Irish Troops On The Border

Leo Varadkar has been attending a gathering of the global elite in Davos and it was there that he revealed his real plans for a no-deal Brexit.

He said there would have to be a hard border with ‘cameras, physical infrastructure, possibly a police presence, or an army presence to back it up’.

What was even more disturbing was that the reference was to the Irish army and to the Gardai.

This followed reports in the Irish Independent that the Garda Commissioner, Drew Harris, will be seeking volunteers among the Gardai who can be re-deployed to border posts.

All of this shows that the Irish government is getting ready to obey EU orders and impose a border between the two parts of Ireland. They will say that they are reluctant and that it was not their fault– but they will do it anyway.

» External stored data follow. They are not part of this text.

Lemma lovasz_jump_ge0 f i : (forall x, 0 <= f x) -> (i < size (lovasz_order f))%N ->
  0 <= lovasz_jump f i.
Proof.
move=> f0 lt_i; have x0 : T by case: (lovasz_order f) lt_i => [|x].
rewrite /lovasz_jump; case: i lt_i => [|i] lt_i; first by rewrite subr0 (lovasz_valueE f x0).
rewrite subr_ge0 (lovasz_valueE f x0) ?(ltnW lt_i) // (lovasz_valueE f x0) //.
by rewrite lovasz_order_mono ?leqnSn.
Qed.

Lemma lovasz_jump_sum f n : \sum_(i < n.+1) lovasz_jump f i = lovasz_value f n.
Proof.
elim: n => [|n IHn]; first by rewrite big_ord1 /lovasz_jump subr0.
by rewrite big_ord_recr /= IHn /lovasz_jump addrC subrK.
Qed.

Lemma lovasz_value_max f x : f x <= lovasz_value f (size (lovasz_order f)).-1.
Proof.
have x_in := mem_lovasz_order f x.
have lt_last : ((size (lovasz_order f)).-1 < size (lovasz_order f))%N.
  by rewrite prednK ?leqnn //; case: (lovasz_order f) x_in.
rewrite (lovasz_valueE f x _ lt_last) -{1}(nth_index x x_in) lovasz_order_mono //.
by rewrite lt_last andbT -ltnS prednK ?index_mem //; case: (lovasz_order f) x_in.
Qed.

Lemma lovasz_tail_level f x0 i : (i < size (lovasz_order f))%N -> 0 < lovasz_jump f i ->
  lovasz_tail f i = level_set f (nth x0 (lovasz_order f) i).
Proof.
move=> lt_i jump_gt0; apply/setP => x; rewrite !inE.
have x_in := mem_lovasz_order f x.
apply/idP/idP => [x_tail|le_x].
  rewrite -(nth_index x0 x_tail) nth_drop lovasz_order_mono // leq_addr /=.
  by rewrite -ltn_subRL -size_drop index_mem.
have [le_ix|lt_xi] := leqP i (index x (lovasz_order f)).
  rewrite -(nth_index x0 x_in) -(subnKC le_ix) -nth_drop mem_nth //.
  by rewrite size_drop ltn_sub2r // index_mem.
case: i lt_i jump_gt0 le_x lt_xi => // i lt_i.
rewrite /lovasz_jump (lovasz_valueE f x0) // (lovasz_valueE f x0) ?(ltnW lt_i) // subr_gt0.
move=> lt_prev le_x; rewrite ltnS => le_xi.
have := lovasz_order_mono f x0 (index x (lovasz_order f)) i.
rewrite le_xi (ltnW lt_i) nth_index // => /(_ isT) le_x_prev.
by have := lt_le_trans lt_prev (le_trans le_x le_x_prev); rewrite ltxx.
Qed.

Lemma lovasz_ge0 F f : (forall A, 0 <= F A) -> (forall x, 0 <= f x) -> 0 <= lovasz F f.
Proof.
move=> F0 f0; rewrite lovaszE; apply: sumr_ge0 => i _.
by rewrite mulr_ge0 ?lovasz_jump_ge0.
Qed.

Lemma lovaszDZ F1 F2 F3 a b f :
  lovasz F1 f + a * lovasz F2 f + b * lovasz F3 f =
  lovasz (fun A => F1 A + a * F2 A + b * F3 A) f.
Proof.
rewrite !lovaszE !mulr_sumr -!big_split /=; apply: eq_bigr => i _.
by rewrite !mulrDl !mulrA.
Qed.

Definition indicator A : T -> R := fun x => (x \in A)%:R.

Lemma lovasz_indicator F A : A != set0 -> lovasz F (indicator A) = F A.
Proof.
case/set0Pn=> a a_in; set f := indicator A.
have f0 x : 0 <= f x by exact: ler0n.
have tail_A i : (i < size (lovasz_order f))%N -> 0 < lovasz_jump f i -> lovasz_tail f i = A.
  move=> lt_i jump_gt0; rewrite (lovasz_tail_level f a _ lt_i jump_gt0).
  have : 0 < f (nth a (lovasz_order f) i).
    rewrite -(lovasz_valueE f a _ lt_i); move: jump_gt0; rewrite /lovasz_jump.
    case: i lt_i => [|i] lt_i; first by rewrite subr0.
    rewrite subr_gt0; apply: le_lt_trans.
    by rewrite (lovasz_valueE f a _ (ltnW lt_i)).
  rewrite {1}/f /indicator ltr0n lt0b => nth_in.
  by apply/setP => y; rewrite inE /f /indicator nth_in ler1n lt0b.
have size_gt0 : (0 < size (lovasz_order f))%N.
  by rewrite size_lovasz_order; apply/card_gt0P; exists a.
transitivity (\sum_(i < size (lovasz_order f)) F A * lovasz_jump f i).
  rewrite lovaszE; apply: eq_bigr => i _.
  have [jump_gt0|] := ltP 0 (lovasz_jump f i); first by rewrite tail_A.
  by rewrite le_eqVlt ltNge lovasz_jump_ge0 // orbF => /eqP->; rewrite !mulr0.
rewrite -mulr_sumr -(prednK size_gt0) lovasz_jump_sum.
suff -> : lovasz_value f (size (lovasz_order f)).-1 = 1 by rewrite mulr1.
have := lovasz_value_max f a; rewrite {1}/f /indicator a_in => ge1.
apply: le_anti; rewrite ge1 andbT (lovasz_valueE f a) ?prednK //.
by rewrite /f /indicator lern1 leq_b1.
Qed.

End LovaszExtension.

Section LovaszRatio.
Context {R : realFieldType} {T : finType} {N D : {set T} -> R} {v : R}.
Hypothesis D_ge0 : forall A, 0 <= D A.
Hypothesis N_ge_vD : forall A, v * D A <= N A.

Lemma lovasz_ge_ratio f : (forall x, 0 <= f x) -> v * lovasz D f <= lovasz N f.
Proof.
move=> f0; rewrite !lovaszE mulr_sumr; apply: ler_sum => i _.
by rewrite mulrA ler_wpM2r ?lovasz_jump_ge0.
Qed.

Lemma lovasz_ratio_ge f : (forall x, 0 <= f x) ->
  ext_le (Some v) (xdiv (lovasz N f) (lovasz D f)).
Proof.
move=> f0; rewrite /xdiv; case: eqP => //= /eqP nz_D.
have D_gt0 : 0 < lovasz D f by rewrite lt_def nz_D lovasz_ge0.
by rewrite ler_pdivlMr // lovasz_ge_ratio.
Qed.

Lemma lovasz_ratio_eq f : (forall x, 0 <= f x) ->
  ext_le (xdiv (lovasz N f) (lovasz D f)) (Some v) ->
  xdiv (lovasz N f) (lovasz D f) = Some v.
Proof.
move=> f0; have := lovasz_ratio_ge _ f0.
by case: (xdiv _ _) => //= r ge_r le_r; rewrite (@le_anti _ _ r v) ?ge_r ?le_r.
Qed.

An Irish imposed hard border will not just inconvenience people who want to travel back and forth across an artificial border. It will lock in partition for a generation. It will cause grave disquiet among Northern nationalists and give succor to the DUP. It will also endanger the current peace that has followed the cessation of the IRA campaign.

For all those reasons it must be vigorously opposed.

If the EU issues instructions for such a border, then the only answer an Irish government can give is a loud NO.

In such a crisis situation it should mount a campaign to pressurise the British to conduct a border poll.

This is the only long term democratic solution that gives people an option for avoiding a hard border.